● Work item
Could you reproduce the lines below from the one with "the finitely many poles of the u_i). *)" through the one with "let J := (size L).-1 in"? Keep both ends and add nothing.

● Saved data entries
(* Let $\mathbb{K}$ be a field of characteristic $0$, let $F(n)$ be a holonomic sequence over $\mathbb{K}$, and let $L=\sum_{i=0}^{J}a_i(n)\sigma^i\in\operatorname{ann}F(n)$ be a nonzero operator. Then there exists a nonzero polynomial $p(n)\in\mathbb{K}[n]$ such that $p(n)F(n)$ is summable and \[\deg p(n)\le \deg L + C_L,\] where $\deg L$ is the degree of $L$ and $C_L$ is the continued zero index of $L$.
   Context: $\sigma$ is the shift operator, $\sigma(F(n))=F(n+1)$, and for $L=\sum_{i=0}^J a_i(n)\sigma^i\in\mathbb{K}[n][\sigma]$, $L(F(n))=\sum_{i=0}^J a_i(n)F(n+i)$. The annihilator is $\operatorname{ann}F(n)=\{L\in\mathbb{K}[n][\sigma]: L(F(n))=0\}$; $F$ is holonomic if $\operatorname{ann}F(n)\ne\{0\}$. The order $\operatorname{ord}F(n)$ is the minimal order $J$ of a nonzero element of $\operatorname{ann}F(n)$. A holonomic sequence $G(n)$ of order $J$ is summable if $G(n)=\Delta\big(\sum_{i=0}^{J-1}u_i(n)G(n+i)\big)$ for some rational functions $u_i(n)\in\mathbb{K}(n)$, where $\Delta=\sigma-1$. The adjoint of $L$ acts on polynomials by $L^*(x(n))=\sum_{i=0}^J a_i(n-i)x(n-i)$. Degree of $L$: put $b_k(n)=\sum_{j=k}^{J}\binom{j}{k}a_{J-j}(n+j-J)$ for $0\le k\le J$, and $\deg L=\max_{0\le k\le J}\{\deg b_k(n)-k\}$. Continued zero index $C_L$: if $L^*(1)\neq0$ then $C_L=0$; if $L^*(1)=0$ then $C_L$ is the positive integer with $L^*(n^{C_L})\neq 0$ and $L^*(n^i)=0$ for $0\le i\le C_L-1$. *)

From mathcomp Require Import all_boot all_order all_algebra.
Set Implicit Arguments. Unset Strict Implicit. Unset Printing Implicit Defensive.
Import Order.TTheory GRing.Theory Num.Theory.
Local Open Scope ring_scope.

Section Holonomic.
Variable K : fieldType.

(* A sequence over K is a function nat -> K; its n-th term is F n, and
   the variable n is interpreted in K as n%:R.
   An operator L = \sum_{i=0}^J a_i(n) sigma^i in K[n][sigma] is represented
   by its coefficient list [:: a_0; ...; a_J] : seq {poly K}. *)
Definition op := seq {poly K}.

Definition apply_op (L : op) (G : nat -> K) (n : nat) : K :=
  \sum_(i < size L) (L`_i).[n%:R] * G (n + i)%N.

Definition in_ann (L : op) (G : nat -> K) : Prop := forall n, apply_op L G n = 0.

Definition nonzero_op (L : op) : bool := has (fun a => a != 0) L.

Definition holonomic (G : nat -> K) : Prop :=
  exists L : op, nonzero_op L /\ in_ann L G.

(* ord G = J : minimal order of a nonzero element of ann G.  A nonzero
   operator written with nonzero leading coefficient (last 0 L != 0)
   has order (size L).-1. *)
Definition ord_seq (G : nat -> K) (J : nat) : Prop :=
  (exists L : op, last 0 L != 0 /\ size L = J.+1 /\ in_ann L G) /\
  (forall L : op, last 0 L != 0 -> in_ann L G -> (J <= (size L).-1)%N).

(* G of order J is summable if G(n) = Delta(\sum_{i<J} u_i(n) G(n+i)) with
   u_i = num_i / den_i rational functions; the identity is an identity of
   sequences, i.e. it holds for all sufficiently large n (this also avoids
   the finitely many poles of the u_i). *)
Definition summable (G : nat -> K) : Prop :=
  exists J : nat, ord_seq G J /\
  exists (num den : 'I_J -> {poly K}), (forall i, den i != 0) /\
  let T := fun m : nat =>
     \sum_(i < J) (num i).[m%:R] / (den i).[m%:R] * G (m + i)%N in
  exists N : nat, forall n : nat, (N <= n)%N -> G n = T n.+1 - T n.

Definition adjoint (L : op) (x : {poly K}) : {poly K} :=
  \sum_(i < size L) ((L`_i * x) \Po ('X - (i%:R)%:P)).

Definition czi (L : op) (C : nat) : Prop :=
  adjoint L 'X^C != 0 /\ forall i : nat, (i < C)%N -> adjoint L 'X^i = 0.

Definition bcoef (L : op) (k : nat) : {poly K} :=
  let J := (size L).-1 in
  \sum_(k <= j < J.+1) ('C(j, k))%:R *: (L`_(J - j) \Po ('X + (j%:R - J%:R)%:P)).
(* Let $\mathcal{R}$ be a left-linear TRS, $M$ the set automaton constructed from $\mathcal{R}$, $t_0$ a ground term and $\mathit{select}$ a strategy. If $\textsc{Normalize}(t_0,\mathit{select})$ returns a term $t$, then $t$ is a normal form of $t_0$, i.e. $t_0\to^* t$ and $t$ has no redexes.
   Context: Terms: $\mathbb{F}$ finite ranked alphabet with arity $\#$, $\mathbb{V}$ variables. Positions are finite lists of positive integers; $\epsilon$ empty, $p.q$ concatenation. $\mathcal{D}(t)$ positions of $t$, $\mathcal{E}(t)$ variable positions, $t|_p$ subterm, $t[u]_p$ replacement, $\mathrm{hd}(t)$ head symbol. A TRS $\mathcal{R}$ is a finite nonempty set of rules $\ell\to r$ ($\ell\notin\mathbb{V}$, $\mathrm{vars}(r)\subseteq\mathrm{vars}(\ell)$), with left-hand sides $\mathcal{L}$; left-linear means no variable occurs twice in any left-hand side. A redex of $t$ is $(\ell\to r)@p$ with $\ell\to r\in\mathcal{R}$ and $t|_p=\ell^\sigma$ for some $\sigma$; $t[(\ell\to r)@p]$ denotes $t[r^\sigma]_p$; $\to$ is one-step rewriting, $\to^*$ its reflexive-transitive closure; a normal form has no redexes. Set automaton construction. $\mathrm{sub}(\mathcal{L})$: subterms $\ell|_q$, $\ell\in\mathcal{L}$, $q\in\mathcal{D}(\ell)\setminus\mathcal{E}(\ell)$. A match goal $\ell_1@p_1,\dots,\ell_n@p_n\hookrightarrow\ell@p$ ($n\ge1$) has nonempty obligation $mo=\{\ell_i@p_i\}$ ($\ell_i\in\mathrm{sub}(\mathcal{L})$) and announcement $\ell@p$ ($\ell\in\mathcal{L}$); $\mathrm{pos}(mo)=\{p_i\}$. States are nonempty sets of goals; $s_0=\{\ell@\epsilon\hookrightarrow\ell@\epsilon\mid\ell\in\mathcal{L}\}$; $S$ = states reachable from $s_0$. Each state $s$ has a fixed label $L(s)\in\mathrm{pos}(mo)$ for some goal $mo\hookrightarrow\ell@\epsilon\in s$. $\mathrm{reduce}(mo,f,p)=\{\ell'@q\in mo\mid q\ne p\}\cup\{\ell'|_i@p.i\mid\ell'@p\in mo,1\le i\le\#f,\ell'|_i\notin\mathbb{V}\}$. $\mathrm{deriv}(s,f)$ is the union of $\{\mathrm{reduce}(mo,f,L(s))\hookrightarrow ma\mid mo\hookrightarrow ma\in s,\exists\ell'.\ell'@L(s)\in mo\wedge\mathrm{hd}(\ell')=f,\mathrm{reduce}(mo,f,L(s))\ne\emptyset\}$, $\{mo\hookrightarrow ma\in s\mid L(s)\notin\mathrm{pos}(mo)\}$ and $\{\ell@L(s).i\hookrightarrow\ell@L(s).i\mid\ell\in\mathcal{L},1\le i\le\#f\}$. Goals are directly dependent if their obligation positions intersect; dependency is its transitive closure. For a dependency class $K$ of $\mathrm{deriv}(s,f)$, $\mathrm{gcp}(K)$ is the greatest common prefix of its announcement positions and $\mathrm{lift}(K)$ removes that prefix from all positions in $K$. $\delta(s,f)=\{(\mathrm{lift}(K),\mathrm{gcp}(K))\mid K\}$; $\mathit{out}(s,f)=\{(\ell\to r)@p\mid\ell\to r\in\mathcal{R},f(x_1,\dots,x_{\#f})@L(s)\hookrightarrow\ell@p\in s,x_i\in\mathbb{V}\}$. Configuration trees: $ct::=\mathit{bud}(s,p)\mid\mathit{node}(s,p,cts)$, $cts$ a finite possibly empty set of configuration trees; $\mathit{buds}(ct)$, $\mathit{nodes}(ct)$ are the configurations labelling bud/node vertices. $\mathit{grow}(ct,s,p,t)$ replaces every $\mathit{bud}(s,p)$ in $ct$ by $\mathit{node}(s,p,\{\mathit{bud}(s',p.p')\mid(s',p')\in\delta(s,\mathrm{hd}(t|_{p.L(s)}))\})$. $\mathit{prune}(\mathit{bud}(s,p),q)=\mathit{bud}(s,p)$; $\mathit{prune}(\mathit{node}(s,p,cts),q)=\mathit{bud}(s,p)$ if $p.L(s)=q$, else $\mathit{node}(s,p,\{\mathit{prune}(c,q)\mid c\in cts\})$. $ct[p]$ is the subtree of $ct$ whose root configuration $(s,q)$ has $q.L(s)=p$. $\mathit{matches}(s,p,t)=\{(\ell\to r)@p.q\mid(\ell\to r)@q\in\mathit{out}(s,\mathrm{hd}(t|_{p.L(s)}))\}$. Strategy: a partial function $\mathit{select}$ mapping $(ct,reds)$ with $\mathit{buds}(ct)\cup reds\neq\emptyset$ to an element of $\mathit{buds}(ct)\cup reds$. Procedure $\textsc{Normalize}(t_0,\mathit{select})$: set $t:=t_0$, $reds:=\emptyset$, $ct:=\mathit{bud}(s_0,\epsilon)$. While $\mathit{buds}(ct)\ne\emptyset$ or $reds\ne\emptyset$: let $a=\mathit{select}(ct,reds)$. If $a$ is a configuration $(s,p)$: $ct:=\mathit{grow}(ct,s,p,t)$, then $reds:=reds\cup\mathit{matches}(s,p,t)$. If $a$ is a redex $(\ell\to r)@p\in reds$: $reds:=reds\setminus\bigcup\{\mathit{matches}(s,q,t)\mid(s,q)\in\mathit{nodes}(ct[p])\}$, then $ct:=\mathit{prune}(ct,p)$, then $t:=t[(\ell\to r)@p]$. After the loop, return $t$. *)

From HB Require Import structures.
From mathcomp Require Import ssreflect ssrfun ssrbool eqtype ssrnat seq choice.
From mathcomp Require Import fintype fingraph finmap.
From Stdlib Require Import Relation_Operators.
From Stdlib Require List.
Set Implicit Arguments. Unset Strict Implicit. Unset Printing Implicit Defensive.
Local Open Scope fset_scope.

● Solved problem
   the finitely many poles of the u_i). *)
Definition summable (G : nat -> K) : Prop :=
  exists J : nat, ord_seq G J /\
  exists (num den : 'I_J -> {poly K}), (forall i, den i != 0) /\
  let T := fun m : nat =>
     \sum_(i < J) (num i).[m%:R] / (den i).[m%:R] * G (m + i)%N in
  exists N : nat, forall n : nat, (N <= n)%N -> G n = T n.+1 - T n.

Definition adjoint (L : op) (x : {poly K}) : {poly K} :=
  \sum_(i < size L) ((L`_i * x) \Po ('X - (i%:R)%:P)).

Definition czi (L : op) (C : nat) : Prop :=
  adjoint L 'X^C != 0 /\ forall i : nat, (i < C)%N -> adjoint L 'X^i = 0.

Definition bcoef (L : op) (k : nat) : {poly K} :=
  let J := (size L).-1 in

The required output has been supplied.